Tuberculosis in captive Asian elephants (Elephas maximus) in Peninsular Malaysia

Published online by Cambridge University Press:  18 February 2013

B. L. ONG*
Affiliation:
Faculty of Veterinary Medicine, Universiti Putra Malaysia, Serdang, Selangor, Malaysia
Y. F. NGEOW*
Affiliation:
Faculty of Medicine, Universiti Malaya, Kuala Lumpur, Malaysia
M. F. A. ABDUL RAZAK
Affiliation:
Department of Wildlife and National Parks, Peninsular Malaysia, Kuala Lumpur, Malaysia
Y. YAKUBU
Affiliation:
Faculty of Veterinary Medicine, Universiti Putra Malaysia, Serdang, Selangor, Malaysia
Z. ZAKARIA
Affiliation:
Faculty of Veterinary Medicine, Universiti Putra Malaysia, Serdang, Selangor, Malaysia
A. R. MUTALIB
Affiliation:
Faculty of Veterinary Medicine, Universiti Putra Malaysia, Serdang, Selangor, Malaysia
L. HASSAN
Affiliation:
Faculty of Veterinary Medicine, Universiti Putra Malaysia, Serdang, Selangor, Malaysia
H. F. NG
Affiliation:
Faculty of Medicine, Universiti Malaya, Kuala Lumpur, Malaysia
K. VERASAHIB
Affiliation:
Ministry of Health, Putrajaya, Malaysia
*
*Author for correspondence: Dr B. L. Ong, Department of Veterinary Clinical Study, Faculty of Veterinary Medicine, Universiti Putra Malaysia, Serdang 43400, Selangor, Malaysia. (Email: [email protected]) [B. L. Ong] (Email: [email protected]) [Y. F. Ngeow]
*Author for correspondence: Dr B. L. Ong, Department of Veterinary Clinical Study, Faculty of Veterinary Medicine, Universiti Putra Malaysia, Serdang 43400, Selangor, Malaysia. (Email: [email protected]) [B. L. Ong] (Email: [email protected]) [Y. F. Ngeow]
Rights & Permissions [Opens in a new window]

Summary

A cross-sectional study was conducted from 10 January to 9 April 2012, to determine the seroprevalence of tuberculosis (TB) of all captive Asian elephants and their handlers in six locations in Peninsular Malaysia. In addition, trunk-wash samples were examined for tubercle bacillus by culture and polymerase chain reaction (PCR). For 63 elephants and 149 elephant handlers, TB seroprevalence was estimated at 20·4% and 24·8%, respectively. From 151 trunk-wash samples, 24 acid-fast isolates were obtained, 23 of which were identified by hsp65-based sequencing as non-tuberculous mycobacteria. The Mycobacterium tuberculosis-specific PCR was positive in the trunk-wash samples from three elephants which were also seropositive. Conversely, the trunk wash from seven seropositive elephants were PCR negative. Hence, there was evidence of active and latent TB in the elephants and the high seroprevalence in the elephants and their handlers suggests frequent, close contact, two-way transmission between animals and humans within confined workplaces.

Type
Original Papers
Copyright
Copyright © Cambridge University Press 2013 

INTRODUCTION

Tuberculosis (TB) is a serious chronic infection in humans and animals throughout the world. It affects a large variety of animal hosts including non-human primates, marine mammals like seals and sea lions, psittacine and other birds, domestic, captive and wild animals like cats, rats, cattle, sheep, goats, swine, deer, fox, badgers, moles and elephants [Reference Montali, Mikota and Cheng1Reference Millan5]. Transmission between human and captive animals has occurred following close and frequent contact [Reference Michalak6].
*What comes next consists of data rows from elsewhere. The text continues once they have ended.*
(* Write s1 = sqrt eps1 > s2 = sqrt eps2 > 0.  The
   equations for the checked kernels c11, c12 are homogeneous transport
   equations whose characteristics, followed backwards, leave the triangle
   through the diagonal, where c11 = c12 = 0; hence c11 = c12 = 0 on T.
   The boundary integrand then reduces to -Gamma1(y)B, whose primitive V
   (V(0) = 0) gives k11(u,0) = alpha V(u), k12(u,0) = beta V(u).  Since
   the right-hand sides of the k-equations now vanish, k11 and k12 are
   constant along their characteristics; following these back to the axis
   y = 0 (or, for k12, to the diagonal where k12 = 0) yields the closed
   forms k11(x,y) = alpha V(x-y), k12(x,y) = beta V(max(x - y s1/s2, 0)).
   This proves uniqueness, and checking that these closed forms are
   continuous and solve the system proves existence. *)

Lemma int_eq_unique f g u v w : 0 <= u -> int_eq f 0 u v -> int_eq g 0 u w ->
  (forall s, 0 < s < u -> f s = g s) -> v = w.
Proof.
  intros Hu [p1 <-] [p2 <-] Hfg.
  now apply RiemannInt_P18.
Qed.

Lemma int_eq_zero t : int_eq (fun _ => 0) 0 t 0.
Proof.
  exists (RiemannInt_P14 0 t 0).
  exact (eq_trans (RiemannInt_P15 _) (Rmult_0_l _)).
Qed.

Lemma int_eq_vanishing f t v : 0 <= t -> (forall s, 0 < s < t -> f s = 0) ->
  int_eq f 0 t v -> v = 0.
Proof.
  intros Ht Hf Hv.
  exact (int_eq_unique f (fun _ => 0) t v 0 Ht Hv (int_eq_zero t) Hf).
Qed.

Lemma continuous_primitive f : (forall x, 0 <= x <= 1 -> continuity_pt f x) ->
  exists V, V 0 = 0 /\
    forall u, 0 <= u <= 1 -> int_eq f 0 u (V u) /\ continuity_pt V u.
Proof.
  intros Cf.
  assert (h01 : 0 <= 1) by lra.
  exists (primitive h01 (FTC_P1 h01 Cf)). split.
  - unfold primitive.
    destruct (Rle_dec 0 0); [|lra]. destruct (Rle_dec 0 1); [|lra].
    apply RiemannInt_P9.
  - intros u Hu. split.
    + unfold primitive.
      destruct (Rle_dec 0 u); [|lra]. destruct (Rle_dec u 1); [|lra].
      eexists; reflexivity.
    + apply derivable_continuous_pt. exists (f u).
      now apply RiemannInt_P28.
Qed.

Lemma affine_nonneg a b t s : 0 <= a -> 0 <= a - t * b -> 0 < s < t ->
  0 <= a - s * b.
Proof.
  intros. destruct (Rle_dec 0 b); nra.
Qed.

(* T is convex: a characteristic segment with both ends in T stays in T. *)
Lemma InT_segment x y lam mu t s : InT x y -> InT (x - t * lam) (y - t * mu) ->
  0 < s < t -> InT (x - s * lam) (y - s * mu).
Proof.
  unfold InT. intros H1 H2 Hs.
  assert (Hy := affine_nonneg y mu t s ltac:(lra) ltac:(lra) Hs).
  assert (Hxy := affine_nonneg (x - y) (lam - mu) t s ltac:(lra) ltac:(nra) Hs).
  assert (Hx := affine_nonneg (1 - x) (- lam) t s ltac:(lra) ltac:(nra) Hs).
  nra.
Qed.

Lemma transport lam mu k f x y t : char_sol lam mu k f ->
  (forall x y, InT x y -> f x y = 0) -> 0 <= t -> InT x y ->
  InT (x - t * lam) (y - t * mu) -> k x y = k (x - t * lam) (y - t * mu).
Proof.
  intros Hk Hf Ht H1 H2.
  assert (E : k x y - k (x - t * lam) (y - t * mu) = 0).
  { apply (int_eq_vanishing (fun s => f (x - s * lam) (y - s * mu)) t _ Ht);
      [|exact (Hk x y t Ht H1 H2)].
    intros s Hs. apply Hf. exact (InT_segment x y lam mu t s H1 H2 Hs). }
  lra.
Qed.

(* Backward characteristics of slope -mu/lam reach the diagonal, so vanishing
   there forces vanishing on all of T. *)
Lemma backward_char_vanishes lam mu k : 0 < lam -> 0 < mu ->
  char_sol lam (- mu) k (fun _ _ => 0) -> (forall x, 0 <= x <= 1 -> k x x = 0) ->
  forall x y, InT x y -> k x y = 0.
Proof.
  intros Hl Hm Hk Hdiag x y Hxy. unfold InT in Hxy.
  set (t := (x - y) / (lam + mu)).
  set (z := (x * mu + y * lam) / (lam + mu)).
  assert (Ht : 0 <= t) by (apply Rmult_le_pos; [lra | left; apply Rinv_0_lt_compat; lra]).
  assert (Ex : x - t * lam = z) by (unfold t, z; field; lra).
  assert (Ey : y - t * - mu = z) by (unfold t, z; field; lra).
  assert (Hz : 0 <= z <= x).
  { unfold z. split.
    - apply Rmult_le_pos; [nra | left; apply Rinv_0_lt_compat; lra].
    - apply Rmult_le_reg_r with (lam + mu); [lra|].
      unfold Rdiv. rewrite Rmult_assoc, Rinv_l by lra. nra. }
  rewrite (transport lam (- mu) k (fun _ _ => 0) x y t Hk (fun _ _ _ => eq_refl)
             Ht ltac:(unfold InT; lra) ltac:(rewrite Ex, Ey; unfold InT; lra)).
  rewrite Ex, Ey. apply Hdiag. lra.
Qed.

(* When y lam <= x mu, the forward characteristic through (x,y) traced back
   meets the axis y = 0 inside T. *)
Lemma char_to_axis lam mu k f x y : 0 < lam -> 0 < mu -> char_sol lam mu k f ->
  (forall x y, InT x y -> f x y = 0) -> InT x y -> y * lam <= x * mu ->
  k x y = k (x - y * lam / mu) 0.
Proof.
  intros Hl Hm Hk Hf Hxy Hc. unfold InT in Hxy.
  assert (Ex : x - y / mu * lam = x - y * lam / mu) by (field; lra).
  assert (Ey : y - y / mu * mu = 0) by (field; lra).
  assert (Ht : 0 <= y / mu) by (apply Rmult_le_pos; [lra | left; apply Rinv_0_lt_compat; lra]).
  assert (Hq : 0 <= y * lam / mu <= x).
  { split.
    - apply Rmult_le_pos; [nra | left; apply Rinv_0_lt_compat; lra].
    - apply Rmult_le_reg_r with mu; [lra|].
      unfold Rdiv. rewrite Rmult_assoc, Rinv_l by lra. lra. }
  rewrite (transport lam mu k f x y (y / mu) Hk Hf Ht ltac:(unfold InT; lra)
             ltac:(rewrite Ex, Ey; unfold InT; lra)).
  now rewrite Ex, Ey.
Qed.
TB has been recognized as a disease of elephants for over 2000 years [Reference Iyer7, Reference McGaughley8]. However, naturally occurring TB has not been reported in wild elephants, suggesting that captive elephants could most likely have contracted the disease via contact with infected humans [Reference Montali, Mikota and Cheng1]. In captive elephants, the disease is primarily caused by Mycobacterium tuberculosis, although infection with Mycobacterium bovis has been recorded [Reference Payeur9]. Asian elephants (Elephas maximus) are more frequently infected with TB compared to African elephants (Loxodonta africana) [Reference Isaza, Fowler and Miller10]. The difference in prevalence may reflect a closer association of Asian elephants with humans [Reference Montali, Mikota and Cheng1]. Rothschild & Laub [Reference Rothschild and Laub11] identified tuberculous lesions in 52% (59/113) of mastodon (Mammut americanum) skeletons, and implied that pandemic TB may be one of the probable causes of the mastodons’ extinction. This discovery has alerted us to the need to protect living elephants from TB.

Transmission of TB from captive Asian elephants to other animals and humans has been described in several outbreaks [Reference Oh12Reference Lewerin14]. Clinical signs in infected elephants are usually absent or only shown in the terminal stages of the chronic disease. Transmission of M. tuberculosis occurs by aerosolization of infectious respiratory droplets when the animals cough, trumpet or trunk spray, and is affected by the bacterial load, droplet size, duration of exposure, proximity to infected animals and the immune status of the exposed individual. TB can only be transmitted from elephants with active pulmonary disease following primary infection or after reactivation of latent infection [Reference Michalak6].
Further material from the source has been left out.